#### Work task
After locating the line with "intros He H2." in the data that follows, return it and every later line exactly, up to and including the line with "apply Rnot_le_lt; intros Hn.".

#### Listed records
Lemma A_spec : 1 <= A /\ (INR N - 1) ^ 2 / 4 + (INR N - 1) / 2 + 16 <= A ^ 2 * m.
Proof.
  assert (Hm := m_pos). assert (Hk := INR_K_ge_1 N HN). unfold A.
  set (C := (INR N - 1) ^ 2 / 4 + (INR N - 1) / 2 + 16).
  assert (HC : 0 <= C) by (unfold C; nra).
  assert (0 <= C / m) by (apply Rdiv_le_0_compat; lra).
  assert ((C / m + 1) * m = C + m) by (field; lra).
  split; [lra | simpl; nra].
Qed.

Lemma finv_level_lt eps : 0 < eps -> 2 * A * eps < 1 -> finv eps y < 2 * A * eps.
Proof.
  intros He H2. destruct y_spec as [Hy Hy2]. destruct A_spec as [HA HAm].
  assert (Hp := Hprof eps He). assert (Hi := Hinv eps He).
  destruct (profile_inv_spec (f eps) (finv eps) Hi y ltac:(lra)) as [F1 F2].
  apply Rnot_le_lt; intros Hn.
  enough (A ^ 2 * m < (INR N - 1) ^ 2 / 4 + (INR N - 1) / 2 + 16) by lra.
  apply (radial_ode_riccati N W1 HN W1_mono01 (1 / eps) (fun s => f eps (eps * s))
           (fun s => eps * Derive (f eps) (eps * s))
           (fun s => eps ^ 2 * Derive (Derive (f eps)) (eps * s)));
    [apply profile_rescaled; auto | lra | | lra |].
  - apply (Rmult_lt_reg_l eps); [lra|]. replace (eps * (1 / eps)) with 1 by (field; lra). lra.
  - intros s Hs. split; [apply (profile_pos N W1 eps); auto; nra|].
    rewrite <- F2. apply (profile_le N W1 eps); auto; nra.
Qed.

Lemma profile_above_level : exists C, 0 < C /\
  forall eps r, 0 < eps <= 1 / C -> C * eps <= r <= 1 -> 1 - t0 - delta <= f eps r ^ 2.
Proof.
  destruct y_spec as [Hy Hy2]. destruct A_spec as [HA _].
  exists (2 * A). split; [lra|].
  intros eps r He Hr. assert (Hp := Hprof eps ltac:(lra)). assert (Hi := Hinv eps ltac:(lra)).
  assert (HCe : 2 * A * eps <= 1).
  { assert (Hle := Rmult_le_compat_l (2 * A) eps (1 / (2 * A)) ltac:(lra) (proj2 He)).
    now replace (2 * A * (1 / (2 * A))) with 1 in Hle by (field; lra). }
  destruct (Req_dec (2 * A * eps) 1) as [E|Hne].
  - replace r with 1 by lra. rewrite (profile_at_1 N W1 eps (f eps) Hp).
    assert (Ht0 := t0_range). lra.
  - assert (finv eps y < 2 * A * eps) by (apply finv_level_lt; lra).
    destruct (profile_inv_spec (f eps) (finv eps) Hi y ltac:(lra)) as [F1 F2].
    assert (y <= f eps r) by (rewrite <- F2 at 1; apply (profile_le N W1 eps); auto; lra).
    rewrite <- Hy2. nra.
Qed.

Lemma finv_level_div_eps_nonincreasing e1 e2 : 0 < e1 -> e1 <= e2 ->
  finv e2 y / e2 <= finv e1 y / e1.
Proof.
  intros H1 H12. destruct y_spec as [Hy Hy2].
  assert (Hp1 := Hprof e1 H1). assert (Hi1 := Hinv e1 H1).
  assert (Hp2 := Hprof e2 ltac:(lra)). assert (Hi2 := Hinv e2 ltac:(lra)).
  destruct (profile_inv_range N W1 e2 (f e2) (finv e2) Hp2 Hi2 y Hy) as [G1 G2].
  destruct (profile_inv_range N W1 e1 (f e1) (finv e1) Hp1 Hi1 y Hy) as [G3 G4].
  destruct (profile_inv_spec (f e2) (finv e2) Hi2 y ltac:(lra)) as [_ F2].
  destruct (profile_inv_spec (f e1) (finv e1) Hi1 y ltac:(lra)) as [_ F1].
  set (s := finv e2 y / e2).
  assert (Es : e2 * s = finv e2 y) by (unfold s; field; lra).
  assert (Hs : 0 < s) by (unfold s; apply Rdiv_lt_0_compat; lra).
  assert (Hs' : s < 1 / e2).
  { apply (Rmult_lt_reg_l e2); [lra|]. rewrite Es. replace (e2 * (1 / e2)) with 1 by (field; lra). lra. }
  assert (Hord := profiles_ordered e2 e1 s H1 H12 Hs Hs'). rewrite Es, F2 in Hord.
  apply Rnot_lt_le; intros Hn.
  assert (finv e1 y < e1 * s).
  { apply (Rmult_lt_compat_l e1) in Hn; [|lra].
    now replace (e1 * (finv e1 y / e1)) with (finv e1 y) in Hn by (field; lra). }
  assert (e1 * s <= e2 * s) by (apply Rmult_le_compat_r; lra).
  assert (f e1 (finv e1 y) < f e1 (e1 * s)) by (apply (profile_incr N W1 e1); auto; lra).
  lra.
Qed.

Lemma finv_level_div_eps_lim : exists L, 0 < L /\
  filterlim (fun eps => finv eps y / eps) (at_right 0) (locally L).
Proof.
  destruct y_spec as [Hy _]. destruct A_spec as [HA _].
  set (e0 := 1 / (4 * A)). assert (He0 : 0 < e0) by (unfold e0; apply Rdiv_lt_0_compat; lra).
  assert (Hb : forall eps, 0 < eps < e0 -> 0 < finv eps y / eps < 2 * A).
  { intros eps He. assert (2 * A * eps < 1).
    { assert (Hlt := Rmult_lt_compat_l (2 * A) eps e0 ltac:(lra) (proj2 He)). unfold e0 in Hlt.
      replace (2 * A * (1 / (4 * A))) with (1 / 2) in Hlt by (field; lra). lra. }
    assert (finv eps y < 2 * A * eps) by (apply finv_level_lt; lra).
    destruct (profile_inv_range N W1 eps (f eps) (finv eps) (Hprof eps ltac:(lra))
                (Hinv eps ltac:(lra)) y Hy) as [G1 _].
    split; [apply Rdiv_lt_0_compat; lra|].
    apply (Rmult_lt_reg_r eps); [lra|].
    replace (finv eps y / eps * eps) with (finv eps y) by (field; lra). lra. }
  destruct (nonincreasing_bounded_lim_at_right0 (fun eps => finv eps y / eps) e0 (2 * A))
    as [L [HL Hup]]; [exact He0 | | |].
  - intros e1 e2 H1 H12 H2. now apply finv_level_div_eps_nonincreasing.
  - intros e He. apply Rlt_le, Hb, He.
  - exists L. split; [|exact HL].
    assert (0 < finv (e0 / 2) y / (e0 / 2)) by (apply Hb; lra).
    assert (finv (e0 / 2) y / (e0 / 2) <= L) by (apply Hup; lra). lra.
Qed.

End Level.

End Threshold.

End Proposition.

Theorem propositionB1 (N : nat) (W W1 W2 : R -> R) (f finv : R -> R -> R) :
  (2 <= N)%nat ->
  W_hyp W W1 W2 ->
  (forall eps, 0 < eps -> radial_profile N W1 eps (f eps)) ->
  (forall eps, 0 < eps -> inverse01 (f eps) (finv eps)) ->
  (* (i) *)
  (forall eps eps' r, 0 < eps' -> eps' <= eps -> 0 < r -> r < 1 / eps ->
     f eps' (eps' * r) <= f eps (eps * r)) /\
  (* (ii) *)
  (W1 1 > 0 -> forall t0 : R,
     is_lub (fun t => 0 <= t < 1 /\ W t = 0) t0 ->
     t0 < 1 /\
     filterlim (fun eps => finv eps (sqrt (1 - t0)) / eps)
       (at_right 0) (Rbar_locally p_infty) /\
     (forall delta, 0 < delta < 1 - t0 ->
        exists L, 0 < L /\
          filterlim (fun eps => finv eps (sqrt (1 - t0 - delta)) / eps)
            (at_right 0) (locally L)) /\
     (forall a, 0 < a -> exists epsa, 0 < epsa /\
        forall eps r, 0 < eps <= epsa -> 0 <= r <= a * eps -> r <= 1 ->
          f eps r ^ 2 <= 1 - t0) /\
     (forall delta, 0 < delta < 1 - t0 -> exists C, 0 < C /\
        forall eps r, 0 < eps <= 1 / C -> C * eps <= r <= 1 ->
          1 - t0 - delta <= f eps r ^ 2)).
Proof.
  intros HN HW Hprof Hinv. split.
  - exact (profiles_ordered N W W1 W2 f finv HN HW Hprof Hinv).
  - intros HW1_1 t0 Hlub. repeat split.
    + exact (proj2 (t0_range W W1 W2 HW HW1_1 t0 Hlub)).
    + exact (finv_threshold_div_eps_lim N W W1 W2 f finv HN HW Hprof Hinv HW1_1 t0 Hlub).
    + intros delta Hd.
      exact (finv_level_div_eps_lim N W W1 W2 f finv HN HW Hprof Hinv HW1_1 t0 Hlub delta Hd).
    + exact (profile_below_threshold N W W1 W2 f finv HN HW Hprof Hinv HW1_1 t0 Hlub).
    + intros delta Hd.
      exact (profile_above_level N W W1 W2 f finv HN HW Hprof Hinv HW1_1 t0 Hlub delta Hd).
Qed.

#### Written reply
  intros He H2. destruct y_spec as [Hy Hy2]. destruct A_spec as [HA HAm].
  assert (Hp := Hprof eps He). assert (Hi := Hinv eps He).
  destruct (profile_inv_spec (f eps) (finv eps) Hi y ltac:(lra)) as [F1 F2].
  apply Rnot_le_lt; intros Hn.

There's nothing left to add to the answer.